◆ Your instructions
Locate the word "compDl" in the entries below, then gather every line that holds it.

◆ Provided records
(* Let $\mathcal{C}$ be a Frobenius category and $f:M\to N$ a morphism in $\mathcal{C}$. Then: (1) $f$ is a $0$-Ext-phantom morphism if and only if $f$ factors through a projective object of $\mathcal{C}$; (2) $f$ is a $0$-Ext-invertible morphism if and only if there exist projective objects $P,Q$ of $\mathcal{C}$ and morphisms $g_1:Q\to N$, $l:M\to P$, $g_2:Q\to P$ such that the morphism $M\oplus Q\to N\oplus P$ given by the matrix $\begin{pmatrix} f & g_1\\ l & g_2\end{pmatrix}$ is an isomorphism in $\mathcal{C}$.
   Context: Let $\mathcal{A}$ be an abelian category and $\mathcal{C}$ an extension-closed full additive subcategory of $\mathcal{A}$, viewed as an exact category whose conflations are the short exact sequences of $\mathcal{A}$ with all terms in $\mathcal{C}$; $\operatorname{Ext}^i_{\mathcal{C}}$ is Yoneda Ext in $\mathcal{C}$. $\mathcal{C}$ is a Frobenius category if it has enough projectives and enough injectives and the projective objects coincide with the injective objects. A morphism $f:M\to N$ is $0$-Ext-phantom if the natural transformation $\operatorname{Ext}^1_{\mathcal{C}}(-,f):\operatorname{Ext}^1_{\mathcal{C}}(-,M)\to\operatorname{Ext}^1_{\mathcal{C}}(-,N)$ is zero, and $0$-Ext-invertible if it is a natural isomorphism. *)

(* an abelian category is set up from scratch as a
   preadditive category (hom-sets are mathcomp zmodTypes) with the
   abelian axioms; Yoneda Ext^1 in an extension-closed subcategory is
   encoded via extensions, the Yoneda equivalence and pushout maps. *)
From HB Require Import structures.
From mathcomp Require Import all_boot all_algebra.
Set Implicit Arguments. Unset Strict Implicit. Unset Printing Implicit Defensive.
Import GRing.Theory.
Local Open Scope ring_scope.

Record PreAdd := {
  Ob : Type;
  Mor : Ob -> Ob -> zmodType;
  idm : forall X, Mor X X;
  comp : forall X Y Z, Mor Y Z -> Mor X Y -> Mor X Z;
  compA : forall W X Y Z (h : Mor Y Z) (g : Mor X Y) (f : Mor W X),
      comp h (comp g f) = comp (comp h g) f;
  comp1m : forall X Y (f : Mor X Y), comp (idm Y) f = f;
  compm1 : forall X Y (f : Mor X Y), comp f (idm X) = f;
  compDl : forall X Y Z (g g' : Mor Y Z) (f : Mor X Y),
      comp (g + g') f = comp g f + comp g' f;
  compDr : forall X Y Z (g : Mor Y Z) (f f' : Mor X Y),
      comp g (f + f') = comp g f + comp g f' }.

Arguments Mor {p} _ _.
Arguments idm {p} X.
Arguments comp {p X Y Z} _ _.

Section Defs.
Variable A : PreAdd.
Local Notation Ob := (Ob A).
Local Notation Hom := (@Mor A).

Definition mono X Y (f : Hom X Y) :=
  forall W (g : Hom W X), comp f g = 0 -> g = 0.
Definition epi X Y (f : Hom X Y) :=
  forall W (g : Hom Y W), comp g f = 0 -> g = 0.

Definition is_kernel K X Y (k : Hom K X) (f : Hom X Y) :=
  comp f k = 0 /\
  forall W (g : Hom W X), comp f g = 0 ->
    exists h : Hom W K, comp k h = g /\ forall h', comp k h' = g -> h' = h.
Definition is_cokernel X Y Q (c : Hom Y Q) (f : Hom X Y) :=
  comp c f = 0 /\
  forall W (g : Hom Y W), comp g f = 0 ->
    exists h : Hom Q W, comp h c = g /\ forall h', comp h' c = g -> h' = h.

Definition is_zero_object (Z : Ob) :=
  forall X, (forall h : Hom X Z, h = 0) /\ (forall h : Hom Z X, h = 0).

Definition is_biproduct X1 X2 B (i1 : Hom X1 B) (i2 : Hom X2 B)
    (p1 : Hom B X1) (p2 : Hom B X2) :=
  [/\ comp p1 i1 = idm X1, comp p2 i2 = idm X2, comp p2 i1 = 0,
      comp p1 i2 = 0 & comp i1 p1 + comp i2 p2 = idm B].

Definition abelian :=
  (exists Z, is_zero_object Z)
  /\ (forall X1 X2, exists B (i1 : Hom X1 B) (i2 : Hom X2 B) p1 p2,
         is_biproduct i1 i2 p1 p2)
  /\ (forall X Y (f : Hom X Y), exists K (k : Hom K X), is_kernel k f)
  /\ (forall X Y (f : Hom X Y), exists Q (c : Hom Y Q), is_cokernel c f)
  /\ (forall X Y (f : Hom X Y), mono f -> exists Z (g : Hom Y Z), is_kernel f g)
  /\ (forall X Y (f : Hom X Y), epi f -> exists Z (g : Hom Z X), is_cokernel f g).

Definition is_iso X Y (f : Hom X Y) :=
  exists g : Hom Y X, comp g f = idm X /\ comp f g = idm Y.

Definition short_exact X E Y (i : Hom X E) (p : Hom E Y) :=
  is_kernel i p /\ is_cokernel p i.

Variable C : Ob -> Prop.

Definition ext_closed_additive :=
  [/\ exists Z, is_zero_object Z /\ C Z,
      forall X1 X2 B (i1 : Hom X1 B) (i2 : Hom X2 B) p1 p2,
        is_biproduct i1 i2 p1 p2 -> C X1 -> C X2 -> C B
    & forall X E Y (i : Hom X E) (p : Hom E Y),
        short_exact i p -> C X -> C Y -> C E].

Definition conflation X E Y (i : Hom X E) (p : Hom E Y) :=
  [/\ short_exact i p, C X, C E & C Y].

Definition projective (P : Ob) :=
  C P /\ forall X E Y (i : Hom X E) (p : Hom E Y), conflation i p ->
    forall g : Hom P Y, exists h : Hom P E, comp p h = g.
Definition injective (I : Ob) :=
  C I /\ forall X E Y (i : Hom X E) (p : Hom E Y), conflation i p ->
    forall g : Hom X I, exists h : Hom E I, comp h i = g.

Definition frobenius :=
  [/\ forall X, C X -> exists K P (i : Hom K P) (p : Hom P X),
         conflation i p /\ projective P,
      forall X, C X -> exists I Y (i : Hom X I) (p : Hom I Y),
         conflation i p /\ injective I
    & forall P, C P -> (projective P <-> injective P)].

(* an element of Ext^1_C(X,M) is represented by a conflation M -> E -> X *)
Record extension (X M : Ob) := Extension {
  ext_mid : Ob;
  ext_in : Hom M ext_mid;
  ext_out : Hom ext_mid X;
  ext_confl : conflation ext_in ext_out }.

Definition ext_equiv X M (xi xi' : extension X M) :=
  exists e : Hom (ext_mid xi) (ext_mid xi'),
    comp e (ext_in xi) = ext_in xi' /\ comp (ext_out xi') e = ext_out xi.

(* xi' represents f_* [xi] = Ext^1_C(X, f) [xi] (pushout along f) *)
Definition pushout_ext X M N (f : Hom M N) (xi : extension X M)
    (xi' : extension X N) :=
  exists e : Hom (ext_mid xi) (ext_mid xi'),
    comp e (ext_in xi) = comp (ext_in xi') f /\
    comp (ext_out xi') e = ext_out xi.

(* xi represents the zero element of Ext^1_C(X, N):
   the class of the split sequence N -> N (+) X -> X *)
Definition ext_zero X N (xi : extension X N) :=
  exists B (i1 : Hom N B) (i2 : Hom X B) p1 p2,
    is_biproduct i1 i2 p1 p2 /\
    exists e : Hom B (ext_mid xi),
      comp e i1 = ext_in xi /\ comp (ext_out xi) e = p2.

(* Ext^1_C(-, f) is the zero natural transformation *)
Definition ext_phantom0 M N (f : Hom M N) :=
  forall X, C X -> forall (xi : extension X M) (xi' : extension X N),
    pushout_ext f xi xi' -> ext_zero xi'.

(* Ext^1_C(-, f) is a natural isomorphism: each component
   Ext^1_C(X, M) -> Ext^1_C(X, N) is bijective on Yoneda classes *)
Definition ext_invertible0 M N (f : Hom M N) :=
  forall X, C X ->
    (forall (xi1 xi2 : extension X M) (eta1 eta2 : extension X N),
        pushout_ext f xi1 eta1 -> pushout_ext f xi2 eta2 ->
        ext_equiv eta1 eta2 -> ext_equiv xi1 xi2) /\
    (forall eta : extension X N, exists (xi : extension X M)
        (eta' : extension X N), pushout_ext f xi eta' /\ ext_equiv eta' eta).

Definition factors_through_projective M N (f : Hom M N) :=
  exists P (a : Hom M P) (b : Hom P N), projective P /\ f = comp b a.

(* the matrix [[f, g1], [l, g2]] : M (+) Q -> N (+) P is an isomorphism *)
Definition matrix_iso_condition M N (f : Hom M N) :=
  exists P Q (g1 : Hom Q N) (l : Hom M P) (g2 : Hom Q P),
    projective P /\ projective Q /\
    exists B1 (iM : Hom M B1) (iQ : Hom Q B1) (pM : Hom B1 M) (pQ : Hom B1 Q)
           B2 (jN : Hom N B2) (jP : Hom P B2) (qN : Hom B2 N) (qP : Hom B2 P),
      is_biproduct iM iQ pM pQ /\ is_biproduct jN jP qN qP /\
      is_iso (comp jN (comp f pM) + comp jN (comp g1 pQ)
              + comp jP (comp l pM) + comp jP (comp g2 pQ)).

End Defs.

(* Projective objects of a Frobenius category are injective, so a map [h]
   factoring through one extends along every inflation [i : M -> E] as
   [h = s ⊙ i]. Hence perturbing a map by [h] does not change the pushout of
   an extension along it, and pushing along [h] itself yields a split
   extension. Conversely, if [f] is 0-Ext-phantom, the pushout of an
   injective envelope [M -> I -> Y] along [f] splits, and a retraction of it
   exhibits [f] as a map through [I].

   For (2), both conditions are equivalent to [f] having an inverse [g]
   modulo maps through projectives. Such a [g] inverts [f] on Ext. Conversely,
   surjectivity on the envelope [N -> J -> Y'] yields [g] with
   [f ⊙ g - 1] through [J], and injectivity on the envelope of [M] then
   forces [g ⊙ f - 1] through [I]. Finally, if [g ⊙ f - 1 = s ⊙ i], the map
   [(f, i) : M -> N (+) I] is a split mono whose cokernel is the pushout [P]
   of the envelope along [f]; thus [M (+) P ~ N (+) I], and [P] is a retract
   of [I (+) J], hence projective. *)

From Pilot Require Import Defs.
From mathcomp Require Import all_boot all_algebra.
Set Implicit Arguments. Unset Strict Implicit. Unset Printing Implicit Defensive.
Import GRing.Theory.
(* Let [comp] and [compA] of Defs shadow their namesakes in ssrfun. *)
Import Defs.
Local Open Scope ring_scope.

Local Notation "g ⊙ f" := (comp g f) (at level 40, left associativity).

Section PreAdditive.
Variable A : PreAdd.
Implicit Types X Y Z W : Ob A.

Lemma comp0l X Y Z (f : Mor X Y) : (0 : Mor Y Z) ⊙ f = 0.
Proof. by apply: (addrI ((0 : Mor Y Z) ⊙ f)); rewrite -compDl !addr0. Qed.

Lemma comp0r X Y Z (g : Mor Y Z) : g ⊙ (0 : Mor X Y) = 0.
Proof. by apply: (addrI (g ⊙ (0 : Mor X Y))); rewrite -compDr !addr0. Qed.

Lemma compNl X Y Z (g : Mor Y Z) (f : Mor X Y) : (- g) ⊙ f = - (g ⊙ f).
Proof. by apply: (addrI (g ⊙ f)); rewrite -compDl !subrr comp0l. Qed.

Lemma compNr X Y Z (g : Mor Y Z) (f : Mor X Y) : g ⊙ (- f) = - (g ⊙ f).
Proof. by apply: (addrI (g ⊙ f)); rewrite -compDr !subrr comp0r. Qed.

Lemma compBl X Y Z (g g' : Mor Y Z) (f : Mor X Y) : (g - g') ⊙ f = g ⊙ f - g' ⊙ f.
Proof. by rewrite compDl compNl. Qed.

Lemma compBr X Y Z (g : Mor Y Z) (f f' : Mor X Y) : g ⊙ (f - f') = g ⊙ f - g ⊙ f'.
Proof. by rewrite compDr compNr. Qed.

Lemma compl_eq X Y Z W (u : Mor Y Z) (v : Mor X Y) (w : Mor X Z) (x : Mor Z W) :
  u ⊙ v = w -> x ⊙ u ⊙ v = x ⊙ w.
Proof. by rewrite -compA => ->. Qed.

End PreAdditive.

Ltac comp_norm :=
  rewrite ?(compDl, compDr, compNl, compNr, comp0l, comp0r, comp1m, compm1);
  rewrite ?compA ?(addr0, add0r, subr0, sub0r, opprK, oppr0).

(* Rewrite with [u ⊙ v = w] also where [u ⊙ v] ends a left-associated composite. *)
Ltac crw H := rewrite ?H ?(compl_eq _ H); comp_norm.

Section Additive.
Variable A : PreAdd.
Implicit Types X Y Z W : Ob A.

Lemma kernel_lift K X Y W (k : Mor K X) (f : Mor X Y) (g : Mor W X) :
  is_kernel k f -> f ⊙ g = 0 -> exists h, k ⊙ h = g.
Proof. by case=> _ univ /univ [h [kh _]]; exists h. Qed.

◆ Answer below
  compDl : forall X Y Z (g g' : Mor Y Z) (f : Mor X Y),
Proof. by apply: (addrI ((0 : Mor Y Z) ⊙ f)); rewrite -compDl !addr0. Qed.
Proof. by apply: (addrI (g ⊙ f)); rewrite -compDl !subrr comp0l. Qed.
Proof. by rewrite compDl compNl. Qed.
  rewrite ?(compDl, compDr, compNl, compNr, comp0l, comp0r, comp1m, compm1);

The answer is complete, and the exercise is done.